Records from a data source

=-=-=-=-=

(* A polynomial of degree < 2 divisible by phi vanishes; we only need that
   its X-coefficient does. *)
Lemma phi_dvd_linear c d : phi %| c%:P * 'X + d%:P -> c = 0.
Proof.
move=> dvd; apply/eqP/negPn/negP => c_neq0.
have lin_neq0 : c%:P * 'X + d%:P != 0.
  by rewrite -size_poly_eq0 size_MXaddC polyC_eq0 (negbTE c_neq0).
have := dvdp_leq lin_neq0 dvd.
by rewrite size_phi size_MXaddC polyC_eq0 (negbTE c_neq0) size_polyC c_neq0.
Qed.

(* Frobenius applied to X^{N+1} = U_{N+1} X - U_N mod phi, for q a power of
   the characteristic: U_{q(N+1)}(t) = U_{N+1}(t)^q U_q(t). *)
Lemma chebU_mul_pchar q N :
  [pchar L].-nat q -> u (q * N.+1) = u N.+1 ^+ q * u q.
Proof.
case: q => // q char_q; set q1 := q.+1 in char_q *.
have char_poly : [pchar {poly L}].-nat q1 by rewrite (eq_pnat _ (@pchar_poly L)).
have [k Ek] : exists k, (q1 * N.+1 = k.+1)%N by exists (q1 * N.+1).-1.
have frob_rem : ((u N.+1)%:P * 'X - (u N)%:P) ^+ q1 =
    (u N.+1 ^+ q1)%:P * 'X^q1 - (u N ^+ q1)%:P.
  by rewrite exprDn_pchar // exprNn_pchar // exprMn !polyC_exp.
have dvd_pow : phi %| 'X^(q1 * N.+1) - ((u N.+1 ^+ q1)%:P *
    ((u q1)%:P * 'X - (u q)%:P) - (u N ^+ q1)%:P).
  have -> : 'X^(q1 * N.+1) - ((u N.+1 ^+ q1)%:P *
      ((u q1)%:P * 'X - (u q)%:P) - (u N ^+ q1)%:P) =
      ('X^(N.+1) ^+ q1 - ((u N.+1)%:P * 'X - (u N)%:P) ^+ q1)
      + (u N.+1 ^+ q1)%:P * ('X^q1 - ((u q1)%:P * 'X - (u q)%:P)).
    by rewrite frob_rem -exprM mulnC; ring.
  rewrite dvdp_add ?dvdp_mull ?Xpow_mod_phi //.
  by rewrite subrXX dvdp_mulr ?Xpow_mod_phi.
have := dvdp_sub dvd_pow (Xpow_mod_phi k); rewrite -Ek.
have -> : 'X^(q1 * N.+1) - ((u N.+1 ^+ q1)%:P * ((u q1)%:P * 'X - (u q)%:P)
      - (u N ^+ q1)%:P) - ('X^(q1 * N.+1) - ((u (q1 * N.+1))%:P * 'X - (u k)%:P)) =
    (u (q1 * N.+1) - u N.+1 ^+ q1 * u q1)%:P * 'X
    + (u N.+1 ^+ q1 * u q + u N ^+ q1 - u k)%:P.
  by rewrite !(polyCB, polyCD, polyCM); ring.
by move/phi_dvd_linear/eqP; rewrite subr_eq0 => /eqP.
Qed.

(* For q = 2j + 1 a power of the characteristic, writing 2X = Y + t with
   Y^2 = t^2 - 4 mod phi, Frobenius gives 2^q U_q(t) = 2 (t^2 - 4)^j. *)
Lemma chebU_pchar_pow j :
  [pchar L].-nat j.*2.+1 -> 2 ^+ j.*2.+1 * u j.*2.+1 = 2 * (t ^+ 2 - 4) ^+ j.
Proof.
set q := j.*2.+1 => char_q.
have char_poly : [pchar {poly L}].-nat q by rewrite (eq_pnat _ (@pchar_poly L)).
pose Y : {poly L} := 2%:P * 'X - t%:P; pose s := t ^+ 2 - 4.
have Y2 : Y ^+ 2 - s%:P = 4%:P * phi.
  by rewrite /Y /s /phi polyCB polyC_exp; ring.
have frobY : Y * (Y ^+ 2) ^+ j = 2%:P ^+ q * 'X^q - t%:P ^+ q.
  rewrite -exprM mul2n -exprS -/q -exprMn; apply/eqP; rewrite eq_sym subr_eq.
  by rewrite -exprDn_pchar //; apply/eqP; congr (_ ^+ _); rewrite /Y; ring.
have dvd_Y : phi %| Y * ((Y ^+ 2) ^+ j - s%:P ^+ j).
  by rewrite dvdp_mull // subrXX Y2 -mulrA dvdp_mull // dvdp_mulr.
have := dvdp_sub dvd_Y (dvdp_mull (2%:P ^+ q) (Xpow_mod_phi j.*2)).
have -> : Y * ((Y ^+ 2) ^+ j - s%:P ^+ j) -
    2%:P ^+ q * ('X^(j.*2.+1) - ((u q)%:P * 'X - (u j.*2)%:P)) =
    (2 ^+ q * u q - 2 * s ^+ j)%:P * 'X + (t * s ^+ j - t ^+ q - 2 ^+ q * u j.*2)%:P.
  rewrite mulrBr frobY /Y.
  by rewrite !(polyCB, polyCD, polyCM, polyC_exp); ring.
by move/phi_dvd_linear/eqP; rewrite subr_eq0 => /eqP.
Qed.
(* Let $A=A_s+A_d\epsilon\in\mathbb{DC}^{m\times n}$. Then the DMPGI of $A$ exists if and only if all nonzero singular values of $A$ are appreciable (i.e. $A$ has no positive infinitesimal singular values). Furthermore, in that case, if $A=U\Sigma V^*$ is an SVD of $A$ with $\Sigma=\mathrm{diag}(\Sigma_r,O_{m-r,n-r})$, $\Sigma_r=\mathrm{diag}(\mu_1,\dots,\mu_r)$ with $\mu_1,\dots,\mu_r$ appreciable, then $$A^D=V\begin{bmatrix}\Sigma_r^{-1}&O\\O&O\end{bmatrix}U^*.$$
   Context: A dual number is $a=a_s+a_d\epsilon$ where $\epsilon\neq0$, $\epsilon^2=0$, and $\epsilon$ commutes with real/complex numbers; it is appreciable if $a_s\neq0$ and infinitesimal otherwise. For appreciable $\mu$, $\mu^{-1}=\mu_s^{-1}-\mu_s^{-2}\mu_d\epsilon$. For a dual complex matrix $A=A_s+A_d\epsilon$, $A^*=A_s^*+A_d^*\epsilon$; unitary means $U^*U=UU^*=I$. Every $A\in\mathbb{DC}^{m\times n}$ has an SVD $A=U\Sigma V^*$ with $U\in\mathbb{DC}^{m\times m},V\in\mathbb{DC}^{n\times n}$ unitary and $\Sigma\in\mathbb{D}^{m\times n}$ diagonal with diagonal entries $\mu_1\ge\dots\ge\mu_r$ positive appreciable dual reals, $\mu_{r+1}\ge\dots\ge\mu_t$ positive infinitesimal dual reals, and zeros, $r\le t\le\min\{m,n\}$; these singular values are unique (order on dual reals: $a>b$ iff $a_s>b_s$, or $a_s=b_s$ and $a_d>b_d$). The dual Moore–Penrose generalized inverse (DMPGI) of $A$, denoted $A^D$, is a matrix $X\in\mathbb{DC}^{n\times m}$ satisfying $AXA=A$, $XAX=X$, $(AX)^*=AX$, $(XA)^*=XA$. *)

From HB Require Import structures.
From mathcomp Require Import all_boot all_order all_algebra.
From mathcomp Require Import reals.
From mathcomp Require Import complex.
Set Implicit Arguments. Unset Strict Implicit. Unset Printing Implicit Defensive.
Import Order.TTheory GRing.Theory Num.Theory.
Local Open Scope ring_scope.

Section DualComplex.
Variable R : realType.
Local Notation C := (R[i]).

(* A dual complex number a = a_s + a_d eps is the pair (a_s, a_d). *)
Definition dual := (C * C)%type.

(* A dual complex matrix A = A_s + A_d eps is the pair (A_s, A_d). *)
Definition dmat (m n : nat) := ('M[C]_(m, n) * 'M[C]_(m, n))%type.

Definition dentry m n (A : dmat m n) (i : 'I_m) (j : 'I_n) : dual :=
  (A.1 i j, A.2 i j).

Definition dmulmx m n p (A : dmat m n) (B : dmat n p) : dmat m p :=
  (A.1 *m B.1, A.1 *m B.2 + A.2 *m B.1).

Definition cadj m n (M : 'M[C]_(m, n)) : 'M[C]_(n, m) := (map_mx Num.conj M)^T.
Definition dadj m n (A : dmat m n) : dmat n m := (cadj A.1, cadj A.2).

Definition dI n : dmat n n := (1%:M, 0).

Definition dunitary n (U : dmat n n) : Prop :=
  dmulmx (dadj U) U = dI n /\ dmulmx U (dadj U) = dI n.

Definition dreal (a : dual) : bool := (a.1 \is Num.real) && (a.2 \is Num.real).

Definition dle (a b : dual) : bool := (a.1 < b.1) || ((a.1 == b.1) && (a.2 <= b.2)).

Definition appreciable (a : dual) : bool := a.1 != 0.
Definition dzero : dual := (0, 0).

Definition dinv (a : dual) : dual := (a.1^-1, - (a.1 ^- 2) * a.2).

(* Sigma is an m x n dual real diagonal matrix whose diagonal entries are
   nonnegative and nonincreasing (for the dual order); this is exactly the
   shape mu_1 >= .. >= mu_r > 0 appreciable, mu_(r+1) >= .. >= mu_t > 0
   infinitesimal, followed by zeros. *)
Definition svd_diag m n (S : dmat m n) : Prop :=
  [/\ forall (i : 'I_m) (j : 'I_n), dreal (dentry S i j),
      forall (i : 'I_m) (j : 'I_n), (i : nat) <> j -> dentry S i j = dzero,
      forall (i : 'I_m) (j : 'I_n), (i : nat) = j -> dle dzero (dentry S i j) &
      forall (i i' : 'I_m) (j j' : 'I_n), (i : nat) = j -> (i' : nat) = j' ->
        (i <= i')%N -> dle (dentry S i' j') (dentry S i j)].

=-=-=-=-=

## EXERCISE REQUIREMENTS
Which lines of the data above contain the string "subrXX"? Copy each of them.

## ANSWER BELOW
  by rewrite subrXX dvdp_mulr ?Xpow_mod_phi.
  by rewrite dvdp_mull // subrXX Y2 -mulrA dvdp_mull // dvdp_mulr.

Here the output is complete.